Nel Rinascimento italiano si possono rintracciare già i semi di quel processo lungo e contraddittorio che porterà a concepire lo Stato nazionale come punto d’equilibrio tra il particolarismo locale e l’universalismo imperiale. Ma anche l’uomo rinascimentale, che si poneva al centro della città e al centro dell’universo, e si apprestava a vivere come faber ipsius fortunae, non aveva fabbricato lui l’idea d’Italia ma essa gli pre-esisteva. Qualche secolo prima già Dante Alighieri ne dava una propria plastica visione, evocandone nel Canto IX dell’Inferno persino i confini geografici, non troppo distanti da quelli dell’attuale Repubblica italiana: “si come Arli ove Rodano stagna / si come a Pola presso del Quarnaro / che Italia chiude e i suoi termini bagna”.

Ma l’Italia di Dante, che innalza al cielo le cattedrali medioevali e afferma la libertà dell’autogoverno dei comuni e delle signorie - le più italiche tra le istituzioni politiche della nostra penisola – già si avviava a parlare una lingua comune, pur nelle sue numerose varianti regionali. Era la lingua che, due secoli dopo l’anno mille, Francesco aveva usato per innalzare a Dio il suo canto di amore e libertà in lingua volgare.

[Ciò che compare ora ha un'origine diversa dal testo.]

Lemma improper_int_R_of_inverse_square_decay : exists L, improper_int_R f L.
Proof.
  set (I := fun n : nat => RInt f (- INR n) (INR n) : R).
  assert (Hsmall : forall eps, 0 < eps -> exists N : nat, forall n, (N <= n)%nat ->
    U <= INR n /\ forall a b, a <= - INR n -> INR n <= b -> Rabs (RInt f a b - I n) < eps).
  { intros eps Heps. destruct (inverse_square_eventually_small eps Heps) as [N HN].
    exists N. intros n Hn. destruct (HN n Hn) as [HU Hlt]. split; [exact HU|].
    intros a b Ha Hb. eapply Rle_lt_trans; [|exact Hlt].
    apply abs_RInt_sub_RInt_sym_le; assumption. }
  assert (Hcauchy : Cauchy_crit I).
  { intros eps Heps. destruct (Hsmall (eps / 2) ltac:(lra)) as [N HN]. exists N.
    intros n m Hn Hm. destruct (HN N (le_n N)) as [_ HN'].
    apply le_INR in Hn. apply le_INR in Hm.
    pose proof (HN' (- INR n) (INR n) ltac:(lra) ltac:(lra)).
    pose proof (HN' (- INR m) (INR m) ltac:(lra) ltac:(lra)).
    unfold Rdist. fold (I n) (I m) in *.
    replace (I n - I m) with ((I n - I N) - (I m - I N)) by ring.
    eapply Rle_lt_trans; [apply Rabs_triang|]. rewrite Rabs_Ropp. lra. }
  destruct (Rcomplete.R_complete I Hcauchy) as [L HL].
  exists L. split.
  - intros a b _. constructor. apply ex_RInt_Reals_0, ex_RInt_of_continuity, f_cont.
  - intros eps Heps.
    destruct (HL (eps / 2) ltac:(lra)) as [N1 HN1].
    destruct (Hsmall (eps / 2) ltac:(lra)) as [N2 HN2].
    destruct (HN2 (N1 + N2)%nat ltac:(lia)) as [HU Hclose].
    exists (INR (N1 + N2)). split; [lra|].
    intros a b pr Ha Hb. rewrite <- RInt_Reals.
    specialize (HN1 (N1 + N2)%nat ltac:(lia)). unfold Rdist in HN1.
    replace (RInt f a b - L) with ((RInt f a b - I (N1 + N2)%nat) + (I (N1 + N2)%nat - L))
      by ring.
    eapply Rle_lt_trans; [apply Rabs_triang|].
    specialize (Hclose a b Ha Hb). lra.
Qed.

End InverseSquareDecay.

(** * The substitution r = a lambda(-u) *)

Section LambdaSubstitution.

Variables (a : R) (F G : R -> R).
Hypothesis a_pos : 0 < a.
Hypothesis F_cont : forall u, continuity_pt F u.
Hypothesis G_lambda : forall u, a * Dlambda (- u) * G (a * lambda (- u)) = F u.

Let rho (r : R) : R := - lambda_inv (r / a).

Lemma a_lambda_opp_rho (r : R) : 0 < r -> a * lambda (- rho r) = r.
Proof.
  intros Hr. unfold rho. rewrite Ropp_involutive, lambda_lambda_inv; [field; lra|].
  apply Rdiv_lt_0_compat; lra.
Qed.

Lemma G_rho (r : R) : 0 < r -> G r = F (rho r) / (a * Dlambda (- rho r)).
Proof.
  intros Hr. rewrite <- G_lambda, a_lambda_opp_rho by exact Hr.
  pose proof (Dlambda_pos (- rho r)). field. split; lra.
Qed.

Lemma continuity_pt_rho (r : R) : 0 < r -> continuity_pt rho r.
Proof.
  intros Hr. apply continuity_pt_opp, (continuity_pt_comp (fun r => r / a) lambda_inv).
  - apply continuity_pt_div; [apply continuity_pt_id|apply continuity_pt_const|lra].
    intros ? ?; reflexivity.
  - apply continuity_pt_lambda_inv, Rdiv_lt_0_compat; lra.
Qed.

Lemma continuity_pt_G (r : R) : 0 < r -> continuity_pt G r.
Proof.
  intros Hr.
  apply continuity_pt_locally_ext with
    (f := fun r => F (rho r) / (a * Dlambda (- rho r))) (a := r); [exact Hr| |].
  { intros y Hy. unfold Rdist in Hy. apply Rabs_def2 in Hy. symmetry. apply G_rho. lra. }
  pose proof (Dlambda_pos (- rho r)).
  apply continuity_pt_div; [| |apply Rgt_not_eq, Rmult_lt_0_compat; lra].
  - apply (continuity_pt_comp rho F); [apply continuity_pt_rho, Hr|apply F_cont].
  - apply continuity_pt_mult; [apply continuity_pt_const; intros ? ?; reflexivity|].
    apply (continuity_pt_comp (fun r => - rho r) Dlambda); [|apply continuity_pt_Dlambda].
    apply continuity_pt_opp, continuity_pt_rho, Hr.
Qed.

Lemma is_derive_a_lambda_opp (u : R) :
  is_derive (fun u => a * lambda (- u)) u (- (a * Dlambda (- u))).
Proof.
  replace (- (a * Dlambda (- u))) with (a * scal (-1) (Dlambda (- u)))
    by (unfold scal; simpl; unfold mult; simpl; ring).
  apply is_derive_scal, (is_derive_comp lambda Ropp); [apply is_derive_lambda|].
  auto_derive; auto.
Qed.

Lemma RInt_G (p q : R) : 0 < p -> 0 < q -> RInt G p q = RInt F (rho q) (rho p).
Proof.
  intros Hp Hq.
  pose proof (RInt_comp (V := R_CompleteNormedModule) G (fun u => a * lambda (- u))
    (fun u => - (a * Dlambda (- u))) (rho p) (rho q)) as Hsubst.
  simpl in Hsubst. rewrite !a_lambda_opp_rho in Hsubst by assumption.
  rewrite <- Hsubst.
  - transitivity (RInt (fun u => opp (F u)) (rho p) (rho q)).
    + apply RInt_ext. intros u _. rewrite <- G_lambda.
      unfold scal, opp; simpl; unfold mult; simpl. ring.
    + rewrite (RInt_opp (V := R_CompleteNormedModule)), opp_RInt_swap
        by (apply ex_RInt_of_continuity; exact F_cont).
      reflexivity.
  - intros u _. apply continuous_of_continuity_pt, continuity_pt_G.
    apply Rmult_lt_0_compat; [lra|apply lambda_pos].
  - intros u _. split; [apply is_derive_a_lambda_opp|].
    apply continuous_of_continuity_pt, continuity_pt_opp, continuity_pt_mult;
      [apply continuity_pt_const; intros ? ?; reflexivity|].
    apply (continuity_pt_comp Ropp Dlambda); [|apply continuity_pt_Dlambda].
    apply continuity_pt_opp, continuity_pt_id.
Qed.

Lemma improper_int_pos_of_improper_int_R (L : R) :
  improper_int_R F L -> improper_int_pos G L.
Proof.
  intros [_ HL]. split.
  - intros p q Hp Hpq. constructor. apply ex_RInt_Reals_0.
    apply (@ex_RInt_continuous R_CompleteNormedModule). intros z Hz.
    rewrite Rmin_left in Hz by lra. apply continuous_of_continuity_pt, continuity_pt_G. lra.
  - intros eps Heps. destruct (HL eps Heps) as [M [HM HMint]].
    pose proof (lambda_pos (- M)). pose proof (lambda_lt (- M) M ltac:(lra)).
    exists (a * lambda (- M)), (a * lambda M).
    split; [apply Rmult_lt_0_compat; lra|split; [apply Rmult_lt_compat_l; lra|]].
    intros p q pr Hp Hpd HMq.
    assert (Hpq : p <= q) by nra.
    rewrite <- RInt_Reals, RInt_G by lra.
    assert (Hrho_p : M <= rho p).
    { unfold rho. apply Ropp_le_cancel. rewrite Ropp_involutive.
      apply lambda_inv_le; [apply Rdiv_lt_0_compat; lra|].
      apply (Rmult_le_reg_l a); [lra|]. replace (a * (p / a)) with p by (field; lra). lra. }
    assert (Hrho_q : rho q <= - M).
    { unfold rho. apply Ropp_le_contravar.
      apply lambda_inv_ge; [apply Rdiv_lt_0_compat; lra|].
      apply (Rmult_le_reg_l a); [lra|]. replace (a * (q / a)) with q by (field; lra). lra. }
    assert (Hri : Riemann_integrable F (rho q) (rho p))
      by apply ex_RInt_Reals_0, ex_RInt_of_continuity, F_cont.
    rewrite (RInt_Reals _ _ _ Hri). apply HMint; assumption.
Qed.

Una lingua, nuova, non più dotta ma popolare, non più relitto di un impero universale che non c’era più ma nata dall’uso del volgo nel lungo e lento processo di trasformazione del latino nell’italiano.

Una trasformazione avvenuta nella travagliata notte della storia della nostra Patria, quando ci addormentammo parlando latino alla caduta dell’impero romano d’Occidente e ci risvegliammo all’alba dell’anno mille parlando l’italiano volgare.

In quei cinque secoli contrassegnati da invasioni barbariche, anarchia feudale, abbandono delle campagne, riduzione dei commerci, contrazione demografica si compie nella penisola quella miracolosa trasformazione dell’antica società romana nella nuova società italica. I popoli italici subiscono le invasioni barbariche dal Nord e le scorrerie di pirati e saraceni dal Sud, ma mantengono intatti alcuni tratti fondamentali delle antiche civiltà. In quei secoli bui vedono la luce in nuove forme le antiche istituzioni della società romana, la famiglia, la proprietà privata, la lingua romanza, il diritto comune, il sapere tecnico e artigianale. Si viene formando quel capitale umano che farà parlare il Carducci della “risorta nel mille itala gente” e constatare a Machiavelli che “in Italia non manca materia da introdurvi ogni forma e grande virtù vi è nelle membra”, nel mentre esorta il Principe “a pigliare la Italia e liberarla dalle mani de' barbari”.

Nei secoli successivi al mille può dirsi avviato il processo di formazione di quella che potremmo chiamare una Patria comune ai popoli italici. O meglio di molte piccole Patrie italiane, visto che a lungo il sentimento d’appartenenza rimarrà confinato nei valori municipali e comunali. Così fu per i Ciompi, che cacciati da Firenze combatterono per anni per potere rientrare nella loro Patria, nonostante avessero trovato accogliente esilio in altre terre. Solo a partire dal Rinascimento giungerà a farsi strada il problema dell’unità politica della penisola, problema che avrebbe trovato soluzione solo dopo cinque ulteriori secoli.

Solitamente c’è concordia nel rintracciare a cavallo dell’anno mille il periodo di nascita del popolo italiano, popolo che in quei secoli linguisticamente si è ormai sufficientemente diversificato tanto dalla lingua antica dei latini quanto da quella nuova dei popoli conquistatori, con i quali si stabilisce un processo di scambio sociale ed etnico. Ma se la storia può guidare la ricerca delle origini più prossime della nostra Patria almeno fino ad un millennio addietro, nessuno ci impedisce di cercare ancora più lontano tracce simboliche di una Patria più antica, assorbita all’interno di quel grande mosaico politico di popoli e di legge che fu l’impero universale di Roma.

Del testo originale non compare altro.